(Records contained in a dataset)
--------------------

(* Let $\mathcal{D}$ be a set, $\Sigma$ a finite set, $R\subseteq\mathcal{D}^\Sigma$ and $k\ge0$ an integer. Then $R$ admits a $k$-key if and only if $|R|\le|\mathcal{D}|^k$ (cardinal arithmetic when $\mathcal{D}$ is infinite).
   Context: For $R\subseteq\mathcal{D}^\Sigma$ and $\Lambda\subseteq\Sigma$, $\pi_\Lambda R=\{a|_\Lambda:a\in R\}$. For a relation $S\subseteq\mathcal{D}^{\Omega}$, a proper subset $\textup{K}\subset\Omega$ is a $k$-key of $S$ if $|\textup{K}|=k$ and for all $a,b\in S$, $a|_{\textup{K}}=b|_{\textup{K}}$ implies $a=b$. $R\subseteq\mathcal{D}^\Sigma$ admits a $k$-key if there exist a finite set $\textup{T}$ with $\textup{T}\cap\Sigma=\emptyset$ and $\widehat R\subseteq\mathcal{D}^{\textup{T}\cup\Sigma}$ having a $k$-key such that $R=\pi_\Sigma\widehat R$. *)

From mathcomp Require Import all_boot.
From mathcomp Require Import boolp classical_sets cardinality.
Set Implicit Arguments. Unset Strict Implicit. Unset Printing Implicit Defensive.
Local Open Scope classical_set_scope.

Definition proj_Sigma (D : Type) (T Sigma : finType) (Rh : set (T + Sigma -> D))
  : set (Sigma -> D) := (fun a => fun s => a (inr s)) @` Rh.

Definition is_key (D : Type) (Omega : finType) (k : nat) (S : set (Omega -> D))
  (K : {set Omega}) : Prop :=
  [/\ K \proper [set: Omega], #|K| = k &
      forall a b, S a -> S b -> (forall x, x \in K -> a x = b x) -> a = b].

Definition has_key (D : Type) (Omega : finType) (k : nat) (S : set (Omega -> D)) :=
  exists K : {set Omega}, is_key k S K.

(* R admits a k-key: there is a finite set T disjoint from Sigma (modelled as the
   left summand of the disjoint union T + Sigma) and Rh ⊆ D^(T ⊔ Sigma) having a
   k-key with R = pi_Sigma Rh. *)
Definition admits_key (D : Type) (Sigma : finType) (k : nat) (R : set (Sigma -> D)) :=
  exists (T : finType) (Rh : set (T + Sigma -> D)),
    has_key k Rh /\ R = proj_Sigma Rh.

From mathcomp Require Import all_boot.
From mathcomp Require Import boolp classical_sets cardinality.
Local Open Scope classical_set_scope.
Local Open Scope card_scope.

(* If K is a k-key of an extension of R, restricting tuples to K is injective,
   so |R| is at most the number of K-tuples, |D|^k.  Conversely, an injection
   f of R into D^k lets us append k fresh attributes holding f(r) to each
   tuple r; these attributes form a k-key, and projecting them away gives R
   back. *)

Lemma card_le_setT_inj {T U : Type} (u0 : U) (A : set T) :
  A #<= [set: U] -> exists f : T -> U, {in A &, injective f}.
Proof.
move=> /card_leP/injfunPex[g _ g_inj].
exists (fun t => if pselect (A t) is left At then val (g (SigSub (mem_set At)))
                 else u0).
move=> s t /[!inE] As At /=.
case: pselect => // As'; case: pselect => // At' /val_inj E.
by have /(congr1 val) := g_inj _ _ (in_setT _) (in_setT _) E.
Qed.

Section KeyRestriction.
Context {D : Type} {Omega : finType}.

Definition key_restriction (K : {set Omega}) (a : Omega -> D) : 'I_#|K| -> D :=
  fun i => a (enum_val i).

Lemma eq_key_restriction (K : {set Omega}) (a b : Omega -> D) :
  key_restriction K a = key_restriction K b -> {in K, a =1 b}.
Proof.
move=> E x xK; have := congr1 (fun h => h (enum_rank_in xK x)) E.
by rewrite /key_restriction enum_rankK_in.
Qed.

Lemma has_key_card_le (k : nat) (S : set (Omega -> D)) :
  has_key k S -> S #<= [set: 'I_k -> D].
Proof.
case=> K [_ <- S_key].
have restr_inj : {in S &, injective (key_restriction K)}.
  by move=> a b /[!inE] Sa Sb /eq_key_restriction; apply: S_key.
by rewrite -(card_le_eql (inj_card_eq restr_inj)) card_leT.
Qed.

End KeyRestriction.

Lemma admits_key_card_le (D : Type) (Sigma : finType) (k : nat)
    (R : set (Sigma -> D)) :
  admits_key k R -> R #<= [set: 'I_k -> D].
Proof.
case=> T [Rh [/has_key_card_le Rh_le ->]].
exact: card_le_trans (card_image_le _ _) Rh_le.
Qed.

Section KeyExtension.
Context {D : Type} {Sigma : finType} {k : nat}.
Variables (d0 : D) (f : (Sigma -> D) -> 'I_k -> D).

(* The constant attribute [inl None] keeps the key proper even when [Sigma]
   is empty. *)
Definition key_extension (r : Sigma -> D) : option 'I_k + Sigma -> D :=
  fun x => match x with
           | inl (Some i) => f r i
           | inl None => d0
           | inr s => r s
           end.

Definition key_attributes : {set option 'I_k + Sigma} :=
  [set inl (Some i) | i : 'I_k].

Lemma key_attributes_proper : key_attributes \proper [set: option 'I_k + Sigma].
Proof.
apply/properP; split; first by apply/fintype.subsetP => x _; apply/mem_set.
by exists (inl None); [apply/mem_set | apply/imsetP => -[]].
Qed.

Lemma card_key_attributes : #|key_attributes| = k.
Proof. by rewrite card_imset ?card_ord // => i j []. Qed.

Lemma proj_key_extension (R : set (Sigma -> D)) :
  proj_Sigma (key_extension @` R) = R.
Proof. by rewrite /proj_Sigma image_comp image_id. Qed.

Lemma key_extension_key (R : set (Sigma -> D)) :
  {in R &, injective f} -> is_key k (key_extension @` R) key_attributes.
Proof.
move=> f_inj; split; [exact: key_attributes_proper | exact: card_key_attributes |].
move=> _ _ [r Rr <-] [s Rs <-] eq_key.
have f_rs : f r = f s.
  by apply/funext => i; apply: (eq_key (inl (Some i))); apply/imsetP; exists i.
by rewrite (f_inj _ _ (mem_set Rr) (mem_set Rs) f_rs).
Qed.

End KeyExtension.

Lemma card_le_admits_key (D : Type) (Sigma : finType) (k : nat)
    (R : set (Sigma -> D)) :
  inhabited D -> R #<= [set: 'I_k -> D] -> admits_key k R.
Proof.
case=> d0 /(card_le_setT_inj (fun=> d0))[f f_inj].
exists (option 'I_k : finType), (key_extension d0 f @` R).
split; last by rewrite proj_key_extension.
by exists key_attributes; apply: key_extension_key.
Qed.

Theorem lemma20 (D : Type) (Sigma : finType) (R : set (Sigma -> D)) (k : nat)
  (D_nonempty : inhabited D) :
  admits_key k R <-> (R #<= [set: 'I_k -> D])%card.
Proof.
split; [exact: admits_key_card_le | exact: card_le_admits_key].
Qed.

--------------------

Task requirements: Copy out the records above exactly.

Answer to the exercise:
(* Let $\mathcal{D}$ be a set, $\Sigma$ a finite set, $R\subseteq\mathcal{D}^\Sigma$ and $k\ge0$ an integer. Then $R$ admits a $k$-key if and only if $|R|\le|\mathcal{D}|^k$ (cardinal arithmetic when $\mathcal{D}$ is infinite).
   Context: For $R\subseteq\mathcal{D}^\Sigma$ and $\Lambda\subseteq\Sigma$, $\pi_\Lambda R=\{a|_\Lambda:a\in R\}$. For a relation $S\subseteq\mathcal{D}^{\Omega}$, a proper subset $\textup{K}\subset\Omega$ is a $k$-key of $S$ if $|\textup{K}|=k$ and for all $a,b\in S$, $a|_{\textup{K}}=b|_{\textup{K}}$ implies $a=b$. $R\subseteq\mathcal{D}^\Sigma$ admits a $k$-key if there exist a finite set $\textup{T}$ with $\textup{T}\cap\Sigma=\emptyset$ and $\widehat R\subseteq\mathcal{D}^{\textup{T}\cup\Sigma}$ having a $k$-key such that $R=\pi_\Sigma\widehat R$. *)

From mathcomp Require Import all_boot.
From mathcomp Require Import boolp classical_sets cardinality.
Set Implicit Arguments. Unset Strict Implicit. Unset Printing Implicit Defensive.
Local Open Scope classical_set_scope.

Definition proj_Sigma (D : Type) (T Sigma : finType) (Rh : set (T + Sigma -> D))
  : set (Sigma -> D) := (fun a => fun s => a (inr s)) @` Rh.

Definition is_key (D : Type) (Omega : finType) (k : nat) (S : set (Omega -> D))
  (K : {set Omega}) : Prop :=
  [/\ K \proper [set: Omega], #|K| = k &
      forall a b, S a -> S b -> (forall x, x \in K -> a x = b x) -> a = b].

Definition has_key (D : Type) (Omega : finType) (k : nat) (S : set (Omega -> D)) :=
  exists K : {set Omega}, is_key k S K.

(* R admits a k-key: there is a finite set T disjoint from Sigma (modelled as the
   left summand of the disjoint union T + Sigma) and Rh ⊆ D^(T ⊔ Sigma) having a
   k-key with R = pi_Sigma Rh. *)
Definition admits_key (D : Type) (Sigma : finType) (k : nat) (R : set (Sigma -> D)) :=
  exists (T : finType) (Rh : set (T + Sigma -> D)),
    has_key k Rh /\ R = proj_Sigma Rh.

From mathcomp Require Import all_boot.
From mathcomp Require Import boolp classical_sets cardinality.
Local Open Scope classical_set_scope.
Local Open Scope card_scope.

(* If K is a k-key of an extension of R, restricting tuples to K is injective,
   so |R| is at most the number of K-tuples, |D|^k.  Conversely, an injection
   f of R into D^k lets us append k fresh attributes holding f(r) to each
   tuple r; these attributes form a k-key, and projecting them away gives R
   back. *)

Lemma card_le_setT_inj {T U : Type} (u0 : U) (A : set T) :
  A #<= [set: U] -> exists f : T -> U, {in A &, injective f}.
Proof.
move=> /card_leP/injfunPex[g _ g_inj].
exists (fun t => if pselect (A t) is left At then val (g (SigSub (mem_set At)))
                 else u0).
move=> s t /[!inE] As At /=.
case: pselect => // As'; case: pselect => // At' /val_inj E.
by have /(congr1 val) := g_inj _ _ (in_setT _) (in_setT _) E.
Qed.

Section KeyRestriction.
Context {D : Type} {Omega : finType}.

Definition key_restriction (K : {set Omega}) (a : Omega -> D) : 'I_#|K| -> D :=
  fun i => a (enum_val i).

Lemma eq_key_restriction (K : {set Omega}) (a b : Omega -> D) :
  key_restriction K a = key_restriction K b -> {in K, a =1 b}.
Proof.
move=> E x xK; have := congr1 (fun h => h (enum_rank_in xK x)) E.
by rewrite /key_restriction enum_rankK_in.
Qed.

Lemma has_key_card_le (k : nat) (S : set (Omega -> D)) :
  has_key k S -> S #<= [set: 'I_k -> D].
Proof.
case=> K [_ <- S_key].
have restr_inj : {in S &, injective (key_restriction K)}.
  by move=> a b /[!inE] Sa Sb /eq_key_restriction; apply: S_key.
by rewrite -(card_le_eql (inj_card_eq restr_inj)) card_leT.
Qed.

End KeyRestriction.

Lemma admits_key_card_le (D : Type) (Sigma : finType) (k : nat)
    (R : set (Sigma -> D)) :
  admits_key k R -> R #<= [set: 'I_k -> D].
Proof.
case=> T [Rh [/has_key_card_le Rh_le ->]].
exact: card_le_trans (card_image_le _ _) Rh_le.
Qed.

Section KeyExtension.
Context {D : Type} {Sigma : finType} {k : nat}.
Variables (d0 : D) (f : (Sigma -> D) -> 'I_k -> D).

(* The constant attribute [inl None] keeps the key proper even when [Sigma]
   is empty. *)
Definition key_extension (r : Sigma -> D) : option 'I_k + Sigma -> D :=
  fun x => match x with
           | inl (Some i) => f r i
           | inl None => d0
           | inr s => r s
           end.

Definition key_attributes : {set option 'I_k + Sigma} :=
  [set inl (Some i) | i : 'I_k].

Lemma key_attributes_proper : key_attributes \proper [set: option 'I_k + Sigma].
Proof.
apply/properP; split; first by apply/fintype.subsetP => x _; apply/mem_set.
by exists (inl None); [apply/mem_set | apply/imsetP => -[]].
Qed.

Lemma card_key_attributes : #|key_attributes| = k.
Proof. by rewrite card_imset ?card_ord // => i j []. Qed.

Lemma proj_key_extension (R : set (Sigma -> D)) :
  proj_Sigma (key_extension @` R) = R.
Proof. by rewrite /proj_Sigma image_comp image_id. Qed.

Lemma key_extension_key (R : set (Sigma -> D)) :
  {in R &, injective f} -> is_key k (key_extension @` R) key_attributes.
Proof.
move=> f_inj; split; [exact: key_attributes_proper | exact: card_key_attributes |].
move=> _ _ [r Rr <-] [s Rs <-] eq_key.
have f_rs : f r = f s.
  by apply/funext => i; apply: (eq_key (inl (Some i))); apply/imsetP; exists i.
by rewrite (f_inj _ _ (mem_set Rr) (mem_set Rs) f_rs).
Qed.

End KeyExtension.

Lemma card_le_admits_key (D : Type) (Sigma : finType) (k : nat)
    (R : set (Sigma -> D)) :
  inhabited D -> R #<= [set: 'I_k -> D] -> admits_key k R.
Proof.
case=> d0 /(card_le_setT_inj (fun=> d0))[f f_inj].
exists (option 'I_k : finType), (key_extension d0 f @` R).
split; last by rewrite proj_key_extension.
by exists key_attributes; apply: key_extension_key.
Qed.

Theorem lemma20 (D : Type) (Sigma : finType) (R : set (Sigma -> D)) (k : nat)
  (D_nonempty : inhabited D) :
  admits_key k R <-> (R #<= [set: 'I_k -> D])%card.
Proof.
split; [exact: admits_key_card_le | exact: card_le_admits_key].
Qed.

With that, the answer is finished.